- **BRIEF**:
Using the records below, quote only the span that opens with the line containing "(forall a, exists!" and closes with the line containing "Definition bisimple : Prop", exactly and inclusively.

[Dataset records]

== Segment start ==

(* Let $S$ be an inverse monoid which is either (a) $E^*$-unitary and $0$-bisimple, or (b) $E$-unitary and bisimple, and let $C$ be the right unit submonoid of $S$. Then $S$ is $F^*$-inverse in case (a) (respectively $F$-inverse in case (b)) if and only if the partially ordered set $P_r(C)$ of principal right ideals of $C$ is a join semilattice.
   Context: For an inverse monoid $S$, $E(S)$ denotes its set of idempotents and, if $S$ has a zero, $E^*(S)$ its nonzero idempotents. A subset $U$ is unitary if for $u\in U$, $s\in S$: $su\in U\Rightarrow s\in U$ and $us\in U\Rightarrow s\in U$. $S$ is $E$-unitary if $E(S)$ is unitary, and $E^*$-unitary if $E^*(S)$ is unitary. $S$ is bisimple if all its elements are $\mathscr{D}$-related, and $0$-bisimple (for $S$ with zero) if all its nonzero elements are $\mathscr{D}$-related. The right unit submonoid of $S$ is $\{s\in S: st=1 \text{ for some } t\in S\}$. The natural partial order is $a\le b$ iff $a=eb$ for some idempotent $e$; $S$ is $F^*$-inverse if every nonzero element lies beneath a unique maximal element, and $F$-inverse (for $S$ without zero) if every element lies beneath a unique maximal element. $P_r(C)$ is the set $\{aC : a\in C\}$ ordered by inclusion; a join semilattice is a poset in which any two elements have a least upper bound. *)

Set Implicit Arguments.

Section InverseMonoids.
Variable S : Type.
Variable mul : S -> S -> S.
Variable one : S.

Definition is_inverse_monoid : Prop :=
  (forall a b c, mul (mul a b) c = mul a (mul b c)) /\
  (forall a, mul one a = a) /\ (forall a, mul a one = a) /\
  (forall a, exists! b, mul (mul a b) a = a /\ mul (mul b a) b = b).

Definition idempotent (e : S) : Prop := mul e e = e.

Definition is_zero (z : S) : Prop := forall x, mul z x = z /\ mul x z = z.

Definition nonzero_idempotent (z e : S) : Prop := idempotent e /\ e <> z.

Definition unitary (U : S -> Prop) : Prop :=
  forall u s, U u -> (U (mul s u) -> U s) /\ (U (mul u s) -> U s).

Definition E_unitary : Prop := unitary idempotent.
Definition Estar_unitary (z : S) : Prop := unitary (nonzero_idempotent z).

Definition greenR (a b : S) : Prop :=
  (exists x, a = mul b x) /\ (exists y, b = mul a y).
Definition greenL (a b : S) : Prop :=
  (exists x, a = mul x b) /\ (exists y, b = mul y a).
Definition greenD (a b : S) : Prop := exists c, greenR a c /\ greenL c b.

Definition bisimple : Prop := forall a b, greenD a b.
Definition zero_bisimple (z : S) : Prop :=
  forall a b, a <> z -> b <> z -> greenD a b.

Definition nat_le (a b : S) : Prop := exists e, idempotent e /\ a = mul e b.
Definition maximal (m : S) : Prop := forall x, nat_le m x -> x = m.

Definition F_inverse : Prop :=
  forall a, exists! m, maximal m /\ nat_le a m.
Definition Fstar_inverse (z : S) : Prop :=
  forall a, a <> z -> exists! m, maximal m /\ nat_le a m.

Definition right_unit (s : S) : Prop := exists t, mul s t = one.

Definition pr_ideal (a : S) : S -> Prop :=
  fun x => exists c, right_unit c /\ x = mul a c.

Definition pr_incl (a b : S) : Prop := forall x, pr_ideal a x -> pr_ideal b x.
Lemma dquot_avg_approx (Q : set R) (lam : R) (N : nat) : 0 < lam -> (0 < N)%N ->
  (\forall v \near dnbhs_in I t, Q v) ->
  exists vs, [/\ vs != [::], {in vs, forall v, I v /\ Q v} &
    forall u, {in u, forall p, I p.2} -> kdot r u u <= C ->
      `|kdot r u (dquot_avg t vs) - dkdot u t|
        <= eps + (lam * C + (4 * C / N%:R + 8 * eps) / lam) / 2].
Proof.
move=> lam_gt0 N_gt0 nearQ; have PF := proper_dnbhs_in It.
have nil_close z : z \in [::] -> \forall w \near dnbhs_in I t, close z w by [].
have [vs [vsN Qvs _ pvs]] := near_pairwise_seq (P := close) N
  (filterI near_dquot_good nearQ) (fun v gv => near_dquot_close gv.1) nil_close.
exists vs; split; first by rewrite -size_eq0 vsN -lt0n.
  by move=> v /Qvs[[[Iv _] _] Qv].
move=> u Iu uC; set A := dquot_avg t vs.
have near_u : \forall w \near dnbhs_in I t, `|kdot r u (dquot t w) - dkdot u t| <= eps.
  have /cvgr_dist_le/(_ _ eps_gt0) := cvg_kdot_dquotr It Iu.
  by apply: filterS => w; rewrite distrC.
(* A second average, adapted to u; A is L^2-close to it. *)
have [ws [wsN Qws cvw pws]] := near_pairwise_seq (P := close) (bs := vs) N
  (filterI near_dquot_good near_u) (fun v gv => near_dquot_close gv.1)
  (fun v vvs => near_dquot_close (Qvs v vvs).1).
set A' := dquot_avg t ws.
have Ivs v : v \in vs -> I v /\ v != t by move=> /Qvs[[]].
have Iws w : w \in ws -> I w /\ w != t by move=> /Qws[[]].
have D_le := dquot_avg_dist_le vsN wsN N_gt0 Ivs Iws pvs pws cvw.
have suppD : {in cdiff A A', forall p, I p.2}.
  apply: cat_supp; last apply: cscale_supp.
    by apply: dquot_avg_supp It (fun v vvs => (Ivs v vvs).1).
  by apply: dquot_avg_supp It (fun w wws => (Iws w wws).1).
have := kdot_le_amgm r_sym r_psd Iu suppD lam_gt0; rewrite kdot_cdiffr => amgm.
have A'_close : `|kdot r u A' - dkdot u t| <= eps.
  rewrite kdot_cavgr; apply: avg_dist_le => [|_ /mapP[w wws ->]].
    by rewrite -size_eq0 size_map wsN -lt0n.
  by have [] := Qws w wws.
apply: le_trans (ler_distD (kdot r u A') _ _) _; rewrite addrC lerD //.
apply: le_trans amgm _; rewrite ler_pM2r // lerD // ?ler_pM2l //.
by rewrite ler_pM2r ?invr_gt0.
Qed.

End DerivativeApproximation.

Lemma r11_sym s t : I s -> I t -> r11 s t = r11 t s.
Proof.
move=> Is It; apply/eqP; rewrite -subr_eq0 -normr_le0.
apply/ler_addgt0Pr => eta eta0; rewrite add0r; have PFs := proper_dnbhs_in Is.
have C0 : 0 <= C := le_trans (normr_ge0 _) (r11_bound Ia Ia).
have eta2 : 0 < eta / 2 by rewrite divr_gt0.
have [eps [lam [N [eps0 lam0 N0 small]]]] := approx_params C0 eta2.
pose psi v := (r01 v s - r01 t s) / (v - t).
have near_psi : \forall v \near dnbhs_in I t, `|psi v - r11 t s| <= eta / 2.
  have /cvgr_dist_le/(_ _ eta2) := r11_deriv It Is.
  by apply: filterS => v; rewrite distrC.
have [vs [vs0 Ivs approx]] := dquot_avg_approx It eps0 lam0 N0 near_psi.
set A := dquot_avg t vs.
have A_lim : kdot r (dquot s u) A @[u --> dnbhs_in I s] -->
    (size vs)%:R^-1 * \sum_(v <- vs) psi v.
  under eq_fun do rewrite kdot_cavgr big_map size_map.
  apply: cvgM; first exact: cvg_cst.
  apply: cvg_sum_seq => v /Ivs[Iv _].
  have := cvg_kdot_dquotr Is (dquot_supp It Iv); rewrite dkdot_dquot.
  apply: cvg_trans; apply: near_eq_cvg; rewrite near_withinE; near=> u => -[Iu _].
  by rewrite /= (kdot_sym r_sym (dquot_supp Is Iu) (dquot_supp It Iv)).
have close : \forall u \near dnbhs_in I s,
    `|(r01 u t - r01 s t) / (u - s) - kdot r (dquot s u) A| <= eta / 2.
  rewrite near_withinE; near=> u => -[Iu us].
  rewrite -dkdot_dquot distrC; apply: le_trans small.
  by apply: approx; [exact: dquot_supp | exact: kdot_dquot_self_le].
have lim_close : `|r11 s t - (size vs)%:R^-1 * \sum_(v <- vs) psi v| <= eta / 2.
  exact: cvgr_to_le (cvg_norm (cvgB (r11_deriv Is It) A_lim)) close.
have avg_close : `|(size vs)%:R^-1 * \sum_(v <- vs) psi v - r11 t s| <= eta / 2.
  by apply: avg_dist_le => // v /Ivs[].
apply: le_trans (ler_distD ((size vs)%:R^-1 * \sum_(v <- vs) psi v) _ _) _.
by rewrite [eta]splitr lerD.
Unshelve. all: by end_near. Qed.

== Segment end ==

- **RESULT OF THE TASK**:
  (forall a, exists! b, mul (mul a b) a = a /\ mul (mul b a) b = b).

Definition idempotent (e : S) : Prop := mul e e = e.

Definition is_zero (z : S) : Prop := forall x, mul z x = z /\ mul x z = z.

Definition nonzero_idempotent (z e : S) : Prop := idempotent e /\ e <> z.

Definition unitary (U : S -> Prop) : Prop :=
  forall u s, U u -> (U (mul s u) -> U s) /\ (U (mul u s) -> U s).

Definition E_unitary : Prop := unitary idempotent.
Definition Estar_unitary (z : S) : Prop := unitary (nonzero_idempotent z).

Definition greenR (a b : S) : Prop :=
  (exists x, a = mul b x) /\ (exists y, b = mul a y).
Definition greenL (a b : S) : Prop :=
  (exists x, a = mul x b) /\ (exists y, b = mul y a).
Definition greenD (a b : S) : Prop := exists c, greenR a c /\ greenL c b.

Definition bisimple : Prop := forall a b, greenD a b.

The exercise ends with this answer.